Deploying a Steered Query Optimizer in Production at Microsoft
1 minute read ∼ Filed in : A paper noteIntroduction
General query optimizer is far from optimal for a given customer and workloads, learned query optimizer works but
- hard to understand why it is better.
- high experimentation costs/pre-production cost (collecting training data)
- regression to newer queries.
This paper makes steering actions more manageable, keeping the costs of steering within budget, and avoiding unexpected performance regressions in production.
- Key idea: breaking down the steering process into smaller incremental steps that are easily explainable and reversible.
- Use contextual bandit model to redue the pre-production cost.
- Use validation model to accept or reject the suggested modifications to query plan.
Design
The paper propose QO-Advisor, which is recurrently triggered every day. It accepts historical metadata and return a list of job template identifiers and rule hint pairs.

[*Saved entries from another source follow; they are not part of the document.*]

(* Let $(\mathcal{H},\langle\cdot,\cdot\rangle)$ be a real Hilbert space with induced norm $\|\cdot\|$. Let $f:\mathcal{H}\to\mathbb{R}$ be $\mu$-strongly convex and $L$-smooth with $0<\mu<L<+\infty$, and let $g:\mathcal{H}\to\mathbb{R}\cup\{+\infty\}$ be convex, proper and lower semicontinuous. Let $q=\mu/L$ and let $((x^k,y^k,z^k))_{k\in\mathbb{N}_0}$ be generated by the Prox-TMM method (described in the context) from an arbitrary $x^0\in\mathcal{H}$, and let $x^\star$ be the unique minimizer of $f+g$. Then $\|z^k-x^\star\|\in\mathcal{O}\big((1-\sqrt q)^k\big)$ as $k\to\infty$.
   Context: $f$ is $L$-smooth if Fréchet differentiable with $L$-Lipschitz gradient; $\mu$-strongly convex means $f-\frac{\mu}{2}\|\cdot\|^2$ is convex. For $\gamma>0$, $\operatorname{Prox}^{\gamma}_g(x)=\operatorname{argmin}_z\big(g(z)+\frac{1}{2\gamma}\|x-z\|^2\big)$. The Prox-TMM method: $q=\mu/L$, $z^0=x^0$, and for $k=0,1,2,\dots$: $y^k=\frac{2\sqrt q}{1+\sqrt q}z^k+\frac{1-\sqrt q}{1+\sqrt q}x^k$, $\bar z^{k+1}=(1-\sqrt q)z^k+\sqrt q\,y^k-\frac{1}{\sqrt q L}\nabla f(y^k)$, $z^{k+1}=\operatorname{Prox}^{1/(\sqrt q L)}_g(\bar z^{k+1})$, $x^{k+1}=y^k-\frac1L\nabla f(y^k)-\sqrt q(\bar z^{k+1}-z^{k+1})$. *)

From HB Require Import structures.
From mathcomp Require Import all_boot all_order all_algebra.
From mathcomp Require Import all_classical all_reals all_analysis.
Set Implicit Arguments. Unset Strict Implicit. Unset Printing Implicit Defensive.
Import Order.TTheory GRing.Theory Num.Theory.
Import numFieldNormedType.Exports.
Local Open Scope classical_set_scope.
Local Open Scope ring_scope.

Definition is_inner_product (R : realType) (V : completeNormedModType R)
  (ip : V -> V -> R) : Prop :=
  [/\ forall x y, ip x y = ip y x,
      forall a x y z, ip (a *: x + y) z = a * ip x z + ip y z &
      forall x, `|x| ^+ 2 = ip x x].

Definition is_gradient (R : realType) (V : completeNormedModType R)
  (ip : V -> V -> R) (f : V -> R) (grad : V -> V) : Prop :=
  forall x, (fun h : V => `|f (x + h) - f x - ip (grad x) h| / `|h|) @ 0^'
            --> (0 : R).

Definition L_smooth (R : realType) (V : completeNormedModType R)
  (ip : V -> V -> R) (L : R) (f : V -> R) (grad : V -> V) : Prop :=
  is_gradient ip f grad /\ forall x y, `|grad x - grad y| <= L * `|x - y|.

Definition convex_fun (R : realType) (V : completeNormedModType R)
  (h : V -> R) : Prop :=
  forall (x y : V) (t : R), 0 <= t <= 1 ->
    h (t *: x + (1 - t) *: y) <= t * h x + (1 - t) * h y.

Definition strongly_convex (R : realType) (V : completeNormedModType R)
  (mu : R) (f : V -> R) : Prop :=
  convex_fun (fun x => f x - mu / 2 * `|x| ^+ 2).

Definition convex_efun (R : realType) (V : completeNormedModType R)
  (g : V -> \bar R) : Prop :=
  forall (x y : V) (t : R), 0 <= t <= 1 ->
    (g (t *: x + (1 - t) *: y)%R <= t%:E * g x + (1 - t)%:E * g y)%E.

Definition proper_efun (R : realType) (V : completeNormedModType R)
  (g : V -> \bar R) : Prop :=
  (exists x, g x < +oo)%E /\ (forall x, g x != -oo)%E.

Definition is_prox (R : realType) (V : completeNormedModType R)
  (g : V -> \bar R) (gamma : R) (x p : V) : Prop :=
  forall w : V,
    (g p + ((2 * gamma)^-1 * `|x - p| ^+ 2)%:E
     <= g w + ((2 * gamma)^-1 * `|x - w| ^+ 2)%:E)%E.

Definition is_minimizer (R : realType) (V : completeNormedModType R)
  (f : V -> R) (g : V -> \bar R) (xs : V) : Prop :=
  forall w : V, ((f xs)%:E + g xs <= (f w)%:E + g w)%E.

Definition prox_TMM (R : realType) (V : completeNormedModType R)
  (mu L : R) (grad : V -> V) (g : V -> \bar R)
  (x y z zbar : nat -> V) : Prop :=
  let q := mu / L in
  z 0%N = x 0%N /\
  forall k : nat,
  [/\ y k = (2 * Num.sqrt q / (1 + Num.sqrt q)) *: z k
            + ((1 - Num.sqrt q) / (1 + Num.sqrt q)) *: x k,
      zbar k.+1 = (1 - Num.sqrt q) *: z k + Num.sqrt q *: y k
                  - (Num.sqrt q * L)^-1 *: grad (y k),
      is_prox g (Num.sqrt q * L)^-1 (zbar k.+1) (z k.+1) &
      x k.+1 = y k - L^-1 *: grad (y k) - Num.sqrt q *: (zbar k.+1 - z k.+1)].

(* Tilt [f] and [g] at the minimizer [x*]: [phi = f - f x* - <grad f x*, . - x*> - mu/2 |. - x*|^2]
   is convex and (L - mu)-smooth, [psi = g - g x* + <grad f x*, . - x*>] is convex, and both are
   minimal, with value 0, at [x*].  In these coordinates the Lyapunov function of Prox-TMM, a
   quadratic form in [z^(k+1) - x*], a subgradient of [psi] at [z^(k+1)], [y^k - x*] and
   [grad phi (y^k)] plus multiples of [phi y^k] and [psi z^(k+1)], dominates |z^(k+1) - x*|^2 / 2
   and is multiplied by at most (1 - sqrt q)^2 at each step: the gap is a nonnegative combination
   of interpolation inequalities of [phi], subgradient inequalities of [psi] and two squares. *)

From HB Require Import structures.
From mathcomp Require Import all_boot all_order all_algebra.
From mathcomp Require Import all_classical all_reals all_analysis.
From mathcomp Require Import ring lra.
Set Implicit Arguments. Unset Strict Implicit. Unset Printing Implicit Defensive.
Import Order.TTheory GRing.Theory Num.Theory.
Import numFieldNormedType.Exports.
Local Open Scope ring_scope.

Lemma convex_combE (R : pzRingType) (V : lmodType R) (t : R) (a b : V) :
  t *: a + (1 - t) *: b = b + t *: (a - b).
Proof. by rewrite scalerBl scale1r scalerBr addrCA. Qed.

Lemma eq_ler (R : numDomainType) (x y : R) : x = y -> x <= y.
Proof. by move->. Qed.

Lemma ge0_of_eps (R : realFieldType) (X K : R) : 0 <= K ->
  (forall eps, 0 < eps -> - (eps * K) <= X) -> 0 <= X.
Proof.
move=> K_ge0 lowX; rewrite leNgt; apply/negP => X_lt0.
have eps_gt0 : 0 < - X / (K + 1) by rewrite divr_gt0 ?oppr_gt0 ?ltr_wpDl.
have := lowX _ eps_gt0; rewrite mulrAC -mulNr ler_pdivrMr ?ltr_wpDl // => h.
nra.
Qed.

Section InnerProduct.
Variables (R : realType) (V : completeNormedModType R) (ip : V -> V -> R).
Hypothesis ip_inner : is_inner_product ip.

Lemma ipC x y : ip x y = ip y x. Proof. by case: ip_inner. Qed.

Lemma ipDl x y z : ip (x + y) z = ip x z + ip y z.
Proof. by case: ip_inner => _ lin _; rewrite -[x]scale1r lin mul1r scale1r. Qed.

Lemma ip0l z : ip 0 z = 0.
Proof.
have := ipDl 0 0 z; rewrite addr0 => /eqP.
by rewrite -subr_eq0 opprD addrA subrr sub0r oppr_eq0 => /eqP.
Qed.

Lemma ipZl a x z : ip (a *: x) z = a * ip x z.
Proof. by case: ip_inner => _ lin _; rewrite -[a *: x]addr0 lin ip0l addr0. Qed.

Lemma ipNl x z : ip (- x) z = - ip x z.
Proof. by rewrite -scaleN1r ipZl mulN1r. Qed.

Lemma ipBl x y z : ip (x - y) z = ip x z - ip y z.
Proof. by rewrite ipDl ipNl. Qed.

Lemma ipDr x y z : ip z (x + y) = ip z x + ip z y.
Proof. by rewrite ipC ipDl !(ipC z). Qed.

Lemma ip0r z : ip z 0 = 0.
Proof. by rewrite ipC ip0l. Qed.

Lemma ipZr a x z : ip z (a *: x) = a * ip z x.
Proof. by rewrite ipC ipZl ipC. Qed.

Lemma ipNr x z : ip z (- x) = - ip z x.
Proof. by rewrite ipC ipNl ipC. Qed.

Lemma ipBr x y z : ip z (x - y) = ip z x - ip z y.
Proof. by rewrite ipDr ipNr. Qed.

Definition ipE := (ipDl, ipDr, ipZl, ipZr, ipBl, ipBr, ipNl, ipNr).

Lemma sqr_norm_ip x : `|x| ^+ 2 = ip x x.
Proof. by case: ip_inner. Qed.

Lemma ipxx_ge0 x : 0 <= ip x x.
Proof. by rewrite -sqr_norm_ip sqr_ge0. Qed.

Lemma eq_of_ip u w : (forall v, ip u v = ip w v) -> u = w.
Proof.
move=> /(_ (u - w)) /eqP; rewrite -subr_eq0 -ipBl -sqr_norm_ip.
by rewrite expf_eq0 /= normr_eq0 subr_eq0 => /eqP.
Qed.

Lemma ip_le_normM u v : ip u v <= `|u| * `|v|.
Proof.
have := ipxx_ge0 (`|v| *: u - `|u| *: v).
rewrite !ipE -!sqr_norm_ip (ipC v u) => sq_ge0.
have [/eqP|uv_neq0] := eqVneq (`|u| * `|v|) 0.
  by rewrite mulf_eq0 !normr_eq0 => /orP[]/eqP->; rewrite ?ip0l ?ip0r normr0 ?mul0r ?mulr0.
have : 0 < `|u| * `|v| by rewrite lt_def uv_neq0 mulr_ge0.
nra.
Qed.

Lemma sqr_norm_convex_comb (t : R) (a b : V) :
  `|t *: a + (1 - t) *: b| ^+ 2 =
  t * `|a| ^+ 2 + (1 - t) * `|b| ^+ 2 - t * (1 - t) * `|a - b| ^+ 2.
Proof. by rewrite !sqr_norm_ip !ipE (ipC b a); ring. Qed.

End InnerProduct.

Lemma gradient_approx (R : realType) (V : completeNormedModType R)
    (ip : V -> V -> R) (f : V -> R) (grad : V -> V) b (eps : R) :
  is_gradient ip f grad -> 0 < eps ->
  exists2 del, 0 < del & forall h, h != 0 -> `|h| < del ->
    `|f (b + h) - f b - ip (grad b) h| <= eps * `|h|.
Proof.
move=> df eps_gt0; have /cvgrPdist_lt /(_ eps eps_gt0) := df b.
move=> /nbhs_ballP [del del_gt0 near0]; exists del => // h h_neq0 h_lt.
have : ball (0 : V) del h by rewrite -ball_normE /ball_ /= sub0r normrN.
have h_gt0 : 0 < `|h| by rewrite normr_gt0.
move=> /near0 /(_ h_neq0) /=; rewrite sub0r normrN normrM normrV ?unitfE ?normr_eq0 //.
by rewrite normr_id ltr_pdivrMr ?normr_id // => /ltW.
Qed.

Section FirstOrder.
Variables (R : realType) (V : completeNormedModType R) (ip : V -> V -> R).
Hypothesis ip_inner : is_inner_product ip.
Variables (f : V -> R) (grad : V -> V).

Lemma strongly_convex_chord mu a b t : strongly_convex mu f -> 0 <= t <= 1 ->
  f (b + t *: (a - b)) <=
  t * f a + (1 - t) * f b - mu / 2 * (t * (1 - t)) * `|a - b| ^+ 2.
Proof.
move=> sc t01; have := sc a b t t01.
by rewrite (sqr_norm_convex_comb ip_inner) convex_combE => h; lra.
Qed.

Lemma strongly_convex_gradient_ge mu : is_gradient ip f grad ->
    strongly_convex mu f -> 0 <= mu -> forall a b,
  f b + ip (grad b) (a - b) + mu / 2 * `|a - b| ^+ 2 <= f a.
Proof.
move=> df sc mu_ge0 a b.
have [/subr0_eq ->|d_neq0] := eqVneq (a - b) 0.
  by rewrite subrr (ip0r ip_inner) normr0 expr0n /= mulr0 !addr0.
set d := a - b in d_neq0 *; set G := ip (grad b) d; set N := `|d| ^+ 2.
have d_gt0 : 0 < `|d| by rewrite normr_gt0.
have N_ge0 : 0 <= N := sqr_ge0 _.
rewrite -subr_ge0; apply: (ge0_of_eps (K := `|d| + mu / 2 * N)).
  by rewrite addr_ge0 // mulr_ge0 ?divr_ge0.
move=> eps eps_gt0; have [del del_gt0 near_b] := gradient_approx b df eps_gt0.
pose t := Num.min (Num.min 1 eps) (del / (2 * `|d|)).
have t_gt0 : 0 < t by rewrite !lt_min ltr01 eps_gt0 divr_gt0 // mulr_gt0.
have t_le1 : t <= 1 by rewrite !ge_min lexx.
have t_le_eps : t <= eps by rewrite !ge_min lexx orbT.
have td_lt : t * `|d| < del.
  have : t <= del / (2 * `|d|) by rewrite ge_min lexx orbT.
  by rewrite ler_pdivlMr ?mulr_gt0 // => h; nra.
have td_neq0 : t *: d != 0 by rewrite scaler_eq0 negb_or d_neq0 andbT gt_eqF.
have := near_b _ td_neq0; rewrite normrZ gtr0_norm // (ipZr ip_inner) => /(_ td_lt).
rewrite ler_norml => /andP[tangent_le _].
have := strongly_convex_chord a b (t := t) sc; rewrite t_le1 ltW // => /(_ isT) chord.
have : t * (G - eps * `|d|) <= t * (f a - f b - mu / 2 * (1 - t) * N).
  by rewrite -/d -/N -/G in chord tangent_le; set F := f (b + t *: d) in tangent_le chord; nra.
rewrite ler_pM2l // => slope_le.
have : mu / 2 * t * N <= mu / 2 * eps * N.
  by rewrite ler_wpM2r // ler_wpM2l // divr_ge0.
nra.
Qed.

Section Descent.
Hypothesis f_ge_tangent : forall a b, f b + ip (grad b) (a - b) <= f a.
Variable L : R.
Hypothesis grad_lip : forall x y, `|grad x - grad y| <= L * `|x - y|.
Hypothesis L_ge0 : 0 <= L.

Contextual Bandit => suggest one rule hint for each job.
- Actions: rules. Context: features of query. Reward: optimizer’s estimated cost change.
- It uses a tool named as Azure Personalizer to implement.
Flighting:
- Execute job from low cost to high cost and outputs total DataRead and DataWritten features.
Validation model => detect regression.
- It use a linear regression model to predict the PNhours delta based on DataRead and DataWritten features given job, and only when PNhours delta is below a predefined threshold, it is safe to execute.
- Intuition: If job reads and writes less data, PNhours will be reduced.